PAGINA DI DENUNCIA – “VOI CANTATE UNA MUSICA STONATA”
di Ciro Scognamiglio
Preside a Ponticelli – Professore – Libero Docente Università
46 anni di servizio nella Scuola Italiana
Oggi giornalaio e giornalista di strada
Voce di Radio Rambow
1. Questo è il mio Manifesto. Non di oggi: del 12 marzo 2018.
(Il manifesto originale compare nella mia foto – e resta un documento ufficiale.)

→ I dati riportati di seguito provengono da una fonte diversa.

(* Let $p$ be a prime and $d>1$ an integer. Let $T_d$ be the $d$-th Chebyshev polynomial of the first kind, viewed as a self-map of $\mathbb{A}^1(\mathbb{F}_p)=\mathbb{F}_p$. Then $$\max_{x\in\mathbb{F}_p}t(T_d,x)=\max_q\left(\max\left(\left\lceil\frac{v_q(p-1)}{v_q(d)}\right\rceil,\left\lceil\frac{v_q(p+1)}{v_q(d)}\right\rceil\right)\right),$$ where $q$ ranges over the prime divisors of $d$ and $v_q$ is the $q$-adic valuation.
   Context: The $d$-th Chebyshev polynomial of the first kind $T_d\in\mathbb{Z}[z]$ is the monic degree-$d$ polynomial with $T_d(z+z^{-1})=z^d+z^{-d}$, reduced modulo $p$. For a self-map $f$ of a finite set and a point $x$, the tail $t(f,x)$ is the least integer $m\ge0$ such that $f^m(x)$ is periodic. *)

From HB Require Import structures.
From mathcomp Require Import all_boot all_order all_algebra.
Set Implicit Arguments. Unset Strict Implicit. Unset Printing Implicit Defensive.
Import GRing.Theory.
Local Open Scope ring_scope.

(* Chebyshev polynomials of the first kind over Z, normalized so that
   T_d(z + z^-1) = z^d + z^-d : T_0 = 2, T_1 = X, T_{n+2} = X T_{n+1} - T_n. *)
Fixpoint cheb_pair (n : nat) : {poly int} * {poly int} :=
  match n with
  | 0%N => (2%:P, 'X)
  | n'.+1 => let (a, b) := cheb_pair n' in (b, 'X * b - a)
  end.

Definition cheb (d : nat) : {poly int} := (cheb_pair d).1.

Definition cheb_map (p d : nat) (x : 'F_p) : 'F_p :=
  (map_poly (fun z : int => z%:~R : 'F_p) (cheb d)).[x].

Arguments cheb_map p d x : clear implicits.
Local Close Scope ring_scope.

Definition periodic_pt (T : Type) (f : T -> T) (y : T) : Prop :=
  exists n, 0 < n /\ iter n f y = y.

Definition is_tail (T : Type) (f : T -> T) (x : T) (m : nat) : Prop :=
  periodic_pt f (iter m f x) /\ forall k, k < m -> ~ periodic_pt f (iter k f x).

Definition ceil_div (a b : nat) : nat := (a + b.-1) %/ b.

Definition tail_bound (p d : nat) : nat :=
  \max_(q <- primes d)
     maxn (ceil_div (logn q (p - 1)) (logn q d))
          (ceil_div (logn q (p + 1)) (logn q d)).

Example cheb2 : cheb 2 = ('X * 'X - 2%:P)%R. Proof. by []. Qed.

(* Write x = z + z^-1 with z in an extension field of F_p.  Since x is fixed by
   Frobenius, z^p + z^-p = z + z^-1, so z^p = z or z^p = z^-1: the multiplicative
   order o of z divides p - 1 or p + 1.  As T_d(z + z^-1) = z^d + z^-d, the point
   T_d^k(x) is periodic iff z^(d^(k+n)) = z^(+-d^k) for some n > 0, i.e. iff the
   part of o supported on the primes of d divides d^k, i.e. iff
   k >= max_(q | d) ceil(v_q(o) / v_q(d)).  This bound grows with o, and the
   values o = p - 1 and o = p + 1 are realised by primitive roots of unity in F_(p^2). *)

From mathcomp Require Import all_boot all_order all_algebra all_fingroup all_solvable all_field.
From mathcomp Require Import ring zify.
Set Implicit Arguments. Unset Strict Implicit. Unset Printing Implicit Defensive.
Import GRing.Theory.

Section ChebyshevAddInv.
Local Open Scope ring_scope.

Lemma add_inv_eq (L : fieldType) (a b : L) : a != 0 -> b != 0 ->
  a + a^-1 = b + b^-1 <-> a = b \/ a * b = 1.
Proof.
move=> a_nz b_nz; split=> [eq_ab | [-> // | ab1]].
  have : (a - b) * (a * b - 1) = 0.
    have -> : (a - b) * (a * b - 1) = a * b * ((a + a^-1) - (b + b^-1)).
      by field; rewrite a_nz b_nz.
    by rewrite eq_ab subrr mulr0.
  by move/eqP; rewrite mulf_eq0 !subr_eq0 => /orP[] /eqP; tauto.
have -> : a^-1 = b by apply: (mulfI a_nz); rewrite mulfV.
have -> : b^-1 = a by apply: (mulIf b_nz); rewrite mulVf.
exact: addrC.
Qed.

Lemma chebSS n : cheb n.+2 = 'X * cheb n.+1 - cheb n.
Proof. by rewrite /cheb /=; case: (cheb_pair n). Qed.

Definition chebR (R : nzRingType) n : {poly R} := map_poly intr (cheb n).

Lemma chebR_add_inv (L : fieldType) (z : L) n : z != 0 ->
  (chebR L n).[z + z^-1] = z ^+ n + z ^- n.
Proof.
move=> z_nz.
suff /(_ n)[] : forall m : nat, (chebR L m).[z + z^-1] = z ^+ m + z ^- m /\
                      (chebR L m.+1).[z + z^-1] = z ^+ m.+1 + z ^- m.+1 by [].
elim=> [|m [IHm IHm1]].
  rewrite /chebR /= map_polyC map_polyX hornerC hornerX /= !expr0 expr1 invr1.
  by split.
split=> //; rewrite /chebR chebSS rmorphB rmorphM /= map_polyX.
rewrite hornerD hornerN mulrC hornerMX -/(chebR L m) -/(chebR L m.+1) IHm IHm1.
by rewrite !exprS !invfM; field; rewrite expf_neq0 z_nz.
Qed.

End ChebyshevAddInv.

Section ChebyshevIter.
Local Open Scope ring_scope.
Variables (p d : nat) (L : fieldType) (phi : {rmorphism 'F_p -> L}).

Lemma rmorph_cheb_map y : phi (cheb_map p d y) = (chebR L d).[phi y].
Proof.
rewrite /cheb_map -horner_map /chebR -map_poly_comp.
by congr (_.[_]); apply: eq_map_poly => c /=; rewrite rmorph_int.
Qed.

Lemma rmorph_iter_cheb_map x z k : z != 0 -> phi x = z + z^-1 ->
  phi (iter k (cheb_map p d) x) = z ^+ (d ^ k) + z ^- (d ^ k).
Proof.
move=> z_nz phi_x; elim: k => [|k IHk] /=; first by rewrite expn0 expr1.
rewrite rmorph_cheb_map IHk chebR_add_inv ?expf_neq0 //.
by rewrite -!exprM -expnSr.
Qed.

End ChebyshevIter.

(* The tail of any point z + z^-1 with z of multiplicative order o. *)
Definition tail_of_order (d o : nat) : nat :=
  \max_(q <- primes d) ceil_div (logn q o) (logn q d).

Lemma leq_ceil_div a b k : 0 < b -> (ceil_div a b <= k) = (a <= k * b).
Proof. by move=> b_gt0; rewrite /ceil_div -ltnS ltn_divLR // mulSn; apply/idP/idP; lia. Qed.

Lemma tail_of_order_leP d o k :
  reflect (forall q, q \in primes d -> logn q o <= k * logn q d) (tail_of_order d o <= k).
Proof.
apply: (iffP (bigmax_leqP_seq _ _ _ _)) => le_o q q_d; last first.
  by rewrite leq_ceil_div ?logn_gt0 ?le_o.
by have := le_o q q_d isT; rewrite leq_ceil_div ?logn_gt0.
Qed.

Lemma tail_of_order_dvdn d o N : 0 < N -> o %| N -> tail_of_order d o <= tail_of_order d N.
Proof.
move=> N_gt0 o_N; apply/tail_of_order_leP => q q_d.
apply: leq_trans (dvdn_leq_log q N_gt0 o_N) _.
by apply/tail_of_order_leP.
Qed.

Lemma tail_boundE p d : 0 < p ->
  tail_bound p d = maxn (tail_of_order d p.-1) (tail_of_order d p.+1).
Proof. by move=> p_gt0; rewrite /tail_bound big_split addn1 subn1. Qed.

Lemma logn_dvdn_expn_mul q d o k e : prime q -> q %| d -> 0 < d -> 0 < e -> ~~ (q %| e) ->
  o %| d ^ k * e -> logn q o <= k * logn q d.
Proof.
move=> q_pr q_d d_gt0 e_gt0 q_e o_dke.
have dke_gt0 : 0 < d ^ k * e by rewrite muln_gt0 expn_gt0 d_gt0.
apply: leq_trans (dvdn_leq_log q dke_gt0 o_dke) _.
rewrite lognM ?expn_gt0 ?d_gt0 // lognX.
suff -> : logn q e = 0 by rewrite addn0.
by apply/eqP; rewrite -leqn0 leqNgt logn_gt0 mem_primes q_pr e_gt0.
Qed.

Lemma exists_dvdn_expn_pm1 d o k : 1 < d -> 0 < o ->
  (exists2 n, 0 < n & (o %| d ^ k * (d ^ n - 1)) || (o %| d ^ k * (d ^ n + 1))) <->
  (forall q, q \in primes d -> logn q o <= k * logn q d).
Proof.
move=> d_gt1 o_gt0; have d_gt0 : 0 < d by lia.
split=> [[n n_gt0 /orP o_dvd] q | le_o].
  rewrite mem_primes => /and3P[q_pr _ q_d].
  have q_dn : q %| d ^ n by rewrite dvdn_exp.
  have dn_gt1 : 1 < d ^ n by rewrite -(exp1n n) ltn_exp2r -?lt0n.
  have q_1 : ~~ (q %| 1) by rewrite dvdn1 neq_ltn prime_gt1 ?orbT.
  case: o_dvd => o_dvd; apply: (logn_dvdn_expn_mul q_pr q_d d_gt0 _ _ o_dvd).
  - by rewrite subn_gt0.
  - by rewrite -(dvdn_subr (leq_subr 1 _)) // subKn ?q_1 //; lia.
  - by rewrite addn1.
  - by rewrite dvdn_addr.
(* n := totient of the part of o coprime to d: then d^n = 1 modulo that part. *)
pose u := o`_(\pi(d))^'.
have u_gt0 : 0 < u by apply: part_gt0.
exists (totient u); first by rewrite totient_gt0.
apply/orP; left; rewrite -(partnC \pi(d) o_gt0); apply: dvdn_mul.
  apply/(dvdn_partP _ (part_gt0 _ _)) => q q_o.
  have q_d : q \in \pi(d) by apply: (pnatPpi (part_pnat _ _) q_o).
  have q_pr : prime q by move: q_d; rewrite mem_primes => /andP[].
  rewrite partn_part => [|r]; last by rewrite inE => /eqP ->.
  by rewrite p_part pfactor_dvdn ?expn_gt0 ?d_gt0 // lognX le_o.
have d_u : coprime d u by apply: pnat_coprime (pnat_pi d_gt0) (part_pnat _ _).
by rewrite -eqn_mod_dvd ?expn_gt0 ?d_gt0 //; apply/eqP/Euler_exp_totient.
Qed.

Lemma is_tail_iff (T : Type) (f : T -> T) x B :
  (forall k, periodic_pt f (iter k f x) <-> B <= k) ->
  forall m, is_tail f x m <-> m = B.
Proof.
move=> per_iff m; split=> [[/per_iff le_Bm not_per] | ->].
  apply/eqP; rewrite eqn_leq le_Bm andbT leqNgt; apply/negP => lt_mB.
  by apply: (not_per B lt_mB); apply/per_iff.
by split=> [|k lt_kB /per_iff]; [apply/per_iff | rewrite leqNgt lt_kB].
Qed.

Section ChebyshevTail.
Variables (p d : nat) (L : fieldType) (phi : {rmorphism 'F_p -> L}).
Variables (x : 'F_p) (z : L) (o : nat).
Hypotheses (d_gt1 : 1 < d) (prim_z : (o.-primitive_root z)%R) (phi_x : phi x = (z + z^-1)%R).

Let z_nz : z != 0%R.
Proof. by rewrite (prim_root_eq0 prim_z) -lt0n (prim_order_gt0 prim_z). Qed.

Lemma iter_cheb_map_eq n k :
  (iter n (cheb_map p d) (iter k (cheb_map p d) x) == iter k (cheb_map p d) x) =
  (o %| d ^ k * (d ^ n - 1)) || (o %| d ^ k * (d ^ n + 1)).
Proof.
have le_dk : d ^ k <= d ^ (n + k) by rewrite leq_pexp2l ?leq_addl //; lia.
have sub_dk : d ^ (n + k) - d ^ k = d ^ k * (d ^ n - 1) by rewrite expnD mulnBr muln1 mulnC.
have add_dk : d ^ (n + k) + d ^ k = d ^ k * (d ^ n + 1) by rewrite expnD mulnDr muln1 mulnC.
rewrite -iterD -(inj_eq (fmorph_inj phi)) !(rmorph_iter_cheb_map _ _ z_nz phi_x).
rewrite -sub_dk -add_dk -eqn_mod_dvd // -(eq_prim_root_expr prim_z) (prim_order_dvd prim_z) exprD.
by apply/eqP/orP; rewrite add_inv_eq ?expf_neq0 //; case=> /eqP; auto.
Qed.

Lemma periodic_iter_cheb_map k :
  periodic_pt (cheb_map p d) (iter k (cheb_map p d) x) <-> tail_of_order d o <= k.
Proof.
rewrite -(rwP (tail_of_order_leP _ _ _)).
rewrite -(exists_dvdn_expn_pm1 k d_gt1 (prim_order_gt0 prim_z)).
split=> [[n [n_gt0 per_n]] | [n n_gt0 per_n]]; exists n => //.
  by rewrite -iter_cheb_map_eq per_n.
by split=> //; apply/eqP; rewrite iter_cheb_map_eq.
Qed.

Lemma is_tail_cheb_map m : is_tail (cheb_map p d) x m <-> m = tail_of_order d o.
Proof. exact/is_tail_iff/periodic_iter_cheb_map. Qed.

End ChebyshevTail.

Section FrobeniusFp.
Local Open Scope ring_scope.
Variables (p : nat) (L : fieldType) (phi : {rmorphism 'F_p -> L}).
Hypothesis p_pr : prime p.

Lemma Fp_fermat (a : 'F_p) : a ^+ p = a.
Proof. by rewrite -{2}(expf_card a) card_Fp. Qed.

Lemma rmorph_Fp_image_iff (y : L) : (exists a, phi a = y) <-> y ^+ p = y.
Proof.
split=> [[a <-] | y_fix]; first by rewrite -rmorphXn Fp_fermat.
have [/existsP[a /eqP <-] | /existsPn y_notin] := boolP [exists a, phi a == y].
  by exists a.
exfalso.
pose P : {poly L} := 'X^p - 'X.
have size_P : size P = p.+1.
  by rewrite size_polyDl size_polyXn // size_polyN size_polyX ltnS prime_gt1.
have P_nz : P != 0 by rewrite -size_poly_gt0 size_P.
have roots_P : all (root P) (y :: map phi (enum 'F_p)).
  apply/allP => _ /predU1P[-> | /mapP[a _ ->]]; rewrite /root !hornerE ?y_fix ?subrr //.
  by rewrite -rmorphXn Fp_fermat subrr.
have uniq_roots : uniq (y :: map phi (enum 'F_p)).
  rewrite /= (map_inj_uniq (fmorph_inj phi)) enum_uniq andbT.
  by apply/mapP => -[a _ /esym/eqP]; apply/negP/y_notin.
have := max_poly_roots P_nz roots_P uniq_roots.
by rewrite size_P /= size_map -cardE card_Fp // ltnn.
Qed.

Lemma add_inv_in_Fp (z : L) : z != 0 ->
  (exists a, phi a = z + z^-1) <-> z ^+ p.-1 = 1 \/ z ^+ p.+1 = 1.
Proof.
move=> z_nz; have pL : p \in [pchar L] := rmorph_pchar phi (pchar_Fp p_pr).
rewrite rmorph_Fp_image_iff exprDn_pchar ?pnatE // exprVn add_inv_eq ?expf_neq0 //.
have -> : (z ^+ p = z) <-> (z ^+ p.-1 = 1).
  rewrite -{1}(prednK (prime_gt0 p_pr)) exprSr.
  by split=> [/(canRL (mulfK z_nz)) -> | ->]; rewrite ?divff ?mul1r.
by rewrite -exprSr.
Qed.

End FrobeniusFp.

Section FiniteFieldRoots.
Local Open Scope ring_scope.

Lemma exists_add_inv (F : finFieldType) (x : F) :
  exists (L : fieldType) (phi : {rmorphism F -> L}) (z : L), z != 0 /\ phi x = z + z^-1.
Proof.
pose P : {poly F} := ('X - x%:P) * 'X + 1%:P.
have size_P : size P = 3 by rewrite size_MXaddC oner_eq0 andbF size_XsubC.
have P_nz : P != 0 by rewrite -size_poly_gt0 size_P.
have [L [[|r rs] split_P _]] := FinSplittingFieldFor P_nz.
  by have := eqp_size split_P; rewrite big_nil size_poly1 size_map_poly size_P.
have : root (map_poly (in_alg L) P) r by rewrite (eqp_root split_P) root_prod_XsubC mem_head.
rewrite /root rmorphD rmorphM rmorphB /= map_polyX !map_polyC /= !hornerE /= scale1r => /eqP root_r.
have r_nz : r != 0.
  by apply/eqP => r0; move/eqP: root_r; rewrite r0 mulr0 add0r oner_eq0.
exists L, (in_alg L), r; split=> //=.
set a := x%:A in root_r *.
have -> : r^-1 = a - r.
  by apply: (mulIf r_nz); rewrite mulVf // -[LHS]subr0 -root_r; ring.
by rewrite addrC subrK.
Qed.

Lemma finField_prim_root (F : finFieldType) M : (M %| #|F|.-1)%N ->
  exists w : F, M.-primitive_root w.
Proof.
move=> M_dvd; pose units := enum (predC1 (0 : F)).
have card_F_gt1 := card_finNzRing_gt1 F.
have card_gt0 : (0 < #|F|.-1)%N by rewrite -subn1 subn_gt0.
have units_unity : all (#|F|.-1).-unity_root units.
  apply/allP => w; rewrite mem_enum inE => w_nz; apply/unity_rootP.
  by apply: (mulIf w_nz); rewrite mul1r -exprSr prednK ?expf_card // ltnW.
have size_units : (#|F|.-1 <= size units)%N by rewrite -cardE cardC1.
have /hasP[w _ prim_w] := has_prim_root card_gt0 units_unity (enum_uniq _) size_units.
by exists (w ^+ (#|F|.-1 %/ M)); apply: dvdn_prim_root.
Qed.

End FiniteFieldRoots.

Section TailBound.
Variables (p d : nat).
Hypotheses (p_pr : prime p) (d_gt1 : 1 < d).

Lemma tail_le_tail_bound x m : is_tail (cheb_map p d) x m -> m <= tail_bound p d.
Proof.
move=> tail_m; have [L [phi [z [z_nz phi_x]]]] := exists_add_inv x.
have tail_le N : 0 < N -> (z ^+ N = 1)%R -> m <= tail_of_order d N.
  move=> N_gt0 zN; have [o prim_z o_N] := prim_order_exists N_gt0 zN.
  by move/(is_tail_cheb_map d_gt1 prim_z phi_x): tail_m => ->; apply: tail_of_order_dvdn.
rewrite (tail_boundE d (prime_gt0 p_pr)).
have [zN | zN] : (z ^+ p.-1 = 1 \/ z ^+ p.+1 = 1)%R.
  by apply/(add_inv_in_Fp phi p_pr z_nz); exists x.
- apply: leq_trans (tail_le _ _ zN) (leq_maxl _ _).
  by rewrite -subn1 subn_gt0 prime_gt1.
- exact: leq_trans (tail_le _ _ zN) (leq_maxr _ _).
Qed.

Lemma exists_tail_of_order N : (N %| p.-1) || (N %| p.+1) ->
  exists x : 'F_p, is_tail (cheb_map p d) x (tail_of_order d N).
Proof.
move=> N_dvd; have [F charF card_F] := pPrimePowerField p_pr (isT : 0 < 2).
pose L : finFieldType := pPrimeCharType charF.
have card_L : #|L|.-1 = p.-1 * p.+1.
  by rewrite card_F -subn1 -(subn1 p) -(addn1 p) -subn_sqr exp1n.
have [w prim_w] : exists w : L, (N.-primitive_root w)%R.
  by apply: finField_prim_root; rewrite card_L; case/orP: N_dvd => N_dvd;
    [apply: dvdn_mulr | apply: dvdn_mull].
have w_nz : w != 0%R by rewrite (prim_root_eq0 prim_w) -lt0n (prim_order_gt0 prim_w).
have [x phi_x] : exists x, in_alg L x = (w + w^-1)%R.
  apply/(add_inv_in_Fp _ p_pr w_nz).
  by case/orP: N_dvd; rewrite (prim_order_dvd prim_w) => /eqP; auto.
by exists x; apply/(is_tail_cheb_map d_gt1 prim_w phi_x).
Qed.

End TailBound.

Theorem mainTheorem6 (p d : nat) (hp : prime p) (hd : 1 < d) :
  (exists x : 'F_p, is_tail (cheb_map p d) x (tail_bound p d)) /\
  (forall (x : 'F_p) (m : nat), is_tail (cheb_map p d) x m -> m <= tail_bound p d).
Proof.
split; last exact: tail_le_tail_bound.
rewrite (tail_boundE d (prime_gt0 hp)).
by case: leqP => _; apply: (exists_tail_of_order hp hd); rewrite dvdnn ?orbT.
Qed.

Scrivevo allora, a nome dell’I.C. 88° “Eduardo De Filippo”:
“Questo manifesto è il grido di dolore di codesta istituzione scolastica, che da anni lavora senza sosta, per difendere il diritto dei vostri figli ad emergere dall’ignoranza e dalla miseria culturale…”
Un grido di dolore.
Un grido civile.
Un grido che vale ancora oggi, perché nulla è cambiato.
2. Mentre altrove si restaurava, qui pioveva in classe.

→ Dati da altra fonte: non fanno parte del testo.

Let rho_cvg0 : rho t @[t --> +oo] --> 0.
Proof.
have g_ge0 t : 0 <= t -> 0 <= g t by move=> /bounds_forever [].
have dg t : 0 < t -> is_derive t 1 g (gdot t).
  by move=> t0; exact: g_derive t0 (region_forever (ltW t0)).
have dg_le t : 0 < t -> gdot t <= - g t ^+ 3.
  by move=> t0; exact: gdot_le_cube (g_ge0 t (ltW t0)).
apply: cvg_trans (cont0_derivable_cvg0 gc g_ge0 dg dg_le).
apply: near_eq_cvg; near=> t; rewrite /rho ger0_relu // g_ge0 //.
Unshelve. all: end_near.
Qed.

Lemma coordinate_flow_long_time :
  (forall t, 0 <= t -> region t /\ Num.sqrt b0 <= q t) /\ rho t @[t --> +oo] --> 0.
Proof. by split=> [t t0|]; [split; [exact: region_forever|exact: q_ge]|exact: rho_cvg0]. Qed.

End CoordinateFlow.


Section SecondCoordinate.
Variables (R : realType) (d : nat) (i : 'I_d) (phi alpha : vec R d).
Variables (W1 W2 B1 B2 : R -> vec R d) (b0 : R).
Hypotheses (gf : gradient_flow phi alpha W1 W2 B1 B2).
Hypotheses (phi_i : phi i = 1) (alpha_i : alpha i = 1).
Hypotheses (b0_gt0 : 0 < b0) (B10 : B1 0 i = b0) (B20 : B2 0 i = b0).
Hypotheses (w2_le : `|W2 0 i| <= Num.sqrt b0) (w_ge : b0 <= `|W2 0 i| * (`|W1 0 i| - b0)).
Implicit Types t : R.

Let s1 := 0 <= W1 0 i.
Let s2 := 0 <= W2 0 i.
Let p t := sgnb R s2 * W2 t i.
Let q t := sgnb R s1 * W1 t i - B1 t i.
Let c1 t := B1 t i.
Let c2 t := B2 t i.
Let rho t := relu (p t * q t - c2 t).
Let region t := [/\ 0 < p t, 0 < q t, 0 < c1 t & 0 < c2 t].

Let W1E t : W1 t i = sgnb R s1 * (q t + B1 t i).
Proof. by rewrite /q subrK mulrA sgnb_sqr mul1r. Qed.

Let W2E t : W2 t i = sgnb R s2 * p t.
Proof. by rewrite /p mulrA sgnb_sqr mul1r. Qed.

Let coordinates_cont0_derivable :
  [/\ cont0_derivable p, cont0_derivable q, cont0_derivable c1 & cont0_derivable c2].
Proof.
have /= [W10 W1d] := gf PW1 i; have /= [W20 W2d] := gf PW2 i.
have /= [B10' B1d] := gf PB1 i; have /= [B20' B2d] := gf PB2 i.
have W1c := is_derive_cont0_derivable W10 W1d.
have W2c := is_derive_cont0_derivable W20 W2d.
have B1c := is_derive_cont0_derivable B10' B1d.
have B2c := is_derive_cont0_derivable B20' B2d.
split.
- exact: (cont0_derivableZ (sgnb R s2) W2c).
- exact: (cont0_derivableB (cont0_derivableZ (sgnb R s1) W1c) B1c).
- exact: B1c.
- exact: B2c.
Qed.

Let coordinates_derive t : 0 < t -> region t ->
  [/\ is_derive t 1 p (- (4 * rho t ^+ 3 * q t)),
      is_derive t 1 q (- (8 * rho t ^+ 3 * p t)),
      is_derive t 1 c1 (4 * rho t ^+ 3 * p t) &
      is_derive t 1 c2 (4 * rho t ^+ 3)].
Proof.
move=> t0 [pt qt c1t c2t].
have [gw1 gw2 gb1 gb2] := grad_basis pt qt c1t c2t (W1E t) (W2E t).
have /= [_ W1d] := gf PW1 i; have /= [_ W2d] := gf PW2 i.
have /= [_ B1d] := gf PB1 i; have /= [_ B2d] := gf PB2 i.
have dW1 := W1d t t0; rewrite grad_CL_resampled // gw1 -/(rho t) in dW1.
have dW2 := W2d t t0; rewrite grad_CL_resampled // gw2 -/(rho t) in dW2.
have dB1 := B1d t t0; rewrite grad_CL_resampled // gb1 -/(rho t) in dB1.
have dB2 := B2d t t0; rewrite grad_CL_resampled // gb2 -/(rho t) in dB2.
have sq1 := sgnb_sqr R s1; have sq2 := sgnb_sqr R s2.
split.
- apply: is_derive_eq (is_deriveZ (sgnb R s2) dW2) _.
  rewrite /GRing.scale /=; transitivity (- (4 * (sgnb R s2 * sgnb R s2) * rho t ^+ 3 * q t)).
    by ring.
  by rewrite sq2 mulr1.
- apply: is_derive_eq (is_deriveB (is_deriveZ (sgnb R s1) dW1) dB1) _.
  rewrite /GRing.scale /=; transitivity (- (4 * (sgnb R s1 * sgnb R s1) * rho t ^+ 3 * p t)
    - 4 * rho t ^+ 3 * p t); first by ring.
  by rewrite sq1 mulr1; ring.
- by apply: is_derive_eq dB1 _; ring.
- by apply: is_derive_eq dB2 _; ring.
Qed.

Let vnorm_net2 t : region t ->
  vnorm (net2 (W1 t) (W2 t) (B1 t) (B2 t) (basisv R i)) = rho t.
Proof.
move=> [pt qt c1t c2t]; rewrite (vnorm_supp1 (i := i)) => [|k]; last exact: net2_basis_off.
rewrite (net2_basis pt qt c1t c2t (W1E t) (W2E t)) normrM normr_sgnb mul1r.
by rewrite ger0_norm ?relu_ge0.
Qed.

Let vnorm_net1 t : region t -> vnorm (net1 (W1 t) (B1 t) (basisv R i)) = q t.
Proof.
move=> [_ qt c1t _]; rewrite (vnorm_supp1 (i := i)) => [|k]; last exact: net1_basis_off.
by rewrite (net1_basis qt c1t (W1E t)) normrM normr_sgnb mul1r gtr0_norm.
Qed.

Lemma second_coordinate_long_time :
  vnorm (net2 (W1 t) (W2 t) (B1 t) (B2 t) (basisv R i)) @[t --> +oo] --> 0 /\
  forall t, 0 <= t -> Num.sqrt b0 <= vnorm (net1 (W1 t) (B1 t) (basisv R i)).
Proof.
have [pc qc c1c c2c] := coordinates_cont0_derivable.
have p0 : p 0 = `|W2 0 i| := sgnb_ge0_mul _.
have q0 : q 0 = `|W1 0 i| - b0 by rewrite /q sgnb_ge0_mul B10.
have p0_gt0 : 0 < p 0.
  rewrite p0 lt_neqAle normr_ge0 andbT; apply: contraTneq w_ge => <-.
  by rewrite mul0r -ltNge.
have q0_gt0 : 0 < q 0.
  rewrite q0 ltNge; apply: contraTN w_ge => q0_le; rewrite -ltNge.
  exact: le_lt_trans (mulr_ge0_le0 (normr_ge0 _) q0_le) b0_gt0.
have p0_le : p 0 <= Num.sqrt b0 by rewrite p0.
have g0_ge0 : b0 <= p 0 * q 0 by rewrite p0 q0.
have [region_q rho_cvg] := coordinate_flow_long_time pc qc c1c c2c coordinates_derive
  b0_gt0 B10 B20 p0_gt0 q0_gt0 p0_le g0_ge0.
split=> [|t t0]; last by have [rt qt] := region_q t t0; rewrite vnorm_net1.
apply: cvg_trans rho_cvg; apply: near_eq_cvg; near=> t.
rewrite vnorm_net2 //; apply: (region_q t _).1.
by near: t; exact: nbhs_pinfty_ge.
Unshelve. all: end_near.
Qed.

End SecondCoordinate.


Theorem theorem3p8 (R : realType) (d : nat) (i1 i2 : 'I_d)
  (phi alpha : 'I_d -> R) (b0 : R) (W1 W2 B1 B2 : R -> 'I_d -> R) :
  (2 <= d)%N -> nat_of_ord i1 = 0%N -> nat_of_ord i2 = 1%N ->
  (forall i, 0 < phi i) -> (forall i, 0 <= alpha i <= 1) ->
  phi i1 = 1 -> phi i2 = 1 -> alpha i1 = 0 -> alpha i2 = 1 ->
  gradient_flow phi alpha W1 W2 B1 B2 ->
  0 < b0 ->
  (forall k, B1 0 k = b0) -> (forall k, B2 0 k = b0) ->
  `|W2 0 i2| <= Num.sqrt b0 ->
  `|W2 0 i2| * (`|W1 0 i2| - b0) >= b0 ->
  (fun t => vnorm (net2 (W1 t) (W2 t) (B1 t) (B2 t) (basisv R i2)))
     x @[x --> +oo] --> 0
  /\
  (limf_einf (fun t => (vnorm (net1 (W1 t) (B1 t) (basisv R i2)))%:E) (pinfty_nbhs R)
     >= (Num.sqrt b0)%:E)%E.
Proof.
move=> _ _ _ _ _ _ phi2 _ alpha2 gf b0_gt0 B10 B20 w2_le w_ge.
have [net2_cvg0 net1_ge] :=
  second_coordinate_long_time gf phi2 alpha2 b0_gt0 (B10 i2) (B20 i2) w2_le w_ge.
split=> //; apply: (limf_einf_pinfty_ge (M := 0)) => t /ltW; exact: net1_ge.
Qed.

E i giornali lo pubblicavano.
Muffa.
Piastrelle tenute con lo scotch.
Secchi d’acqua nelle aule.
Bagni dei disabili impraticabili.
Guaina del tetto distrutta.
Pareti che urlavano abbandono.
Ponticelli come spugna:
assorbiva pioggia e ingiustizie.
Queste non sono parole mie: sono foto, atti tecnici, articoli di stampa.
3. Questo era il cortile della scuola.
Ammassi di sedie e banchi rotti.
La testimonianza materiale della frase:
“La periferia può aspettare.”
Ma la periferia non aspetta.
Soffre.
Si arrabbia.
Cresce senza diritti.
Io, da preside, da uomo, da cittadino, ho raccolto tutto:
documenti, esposti, segnalazioni, lettere, fotografie.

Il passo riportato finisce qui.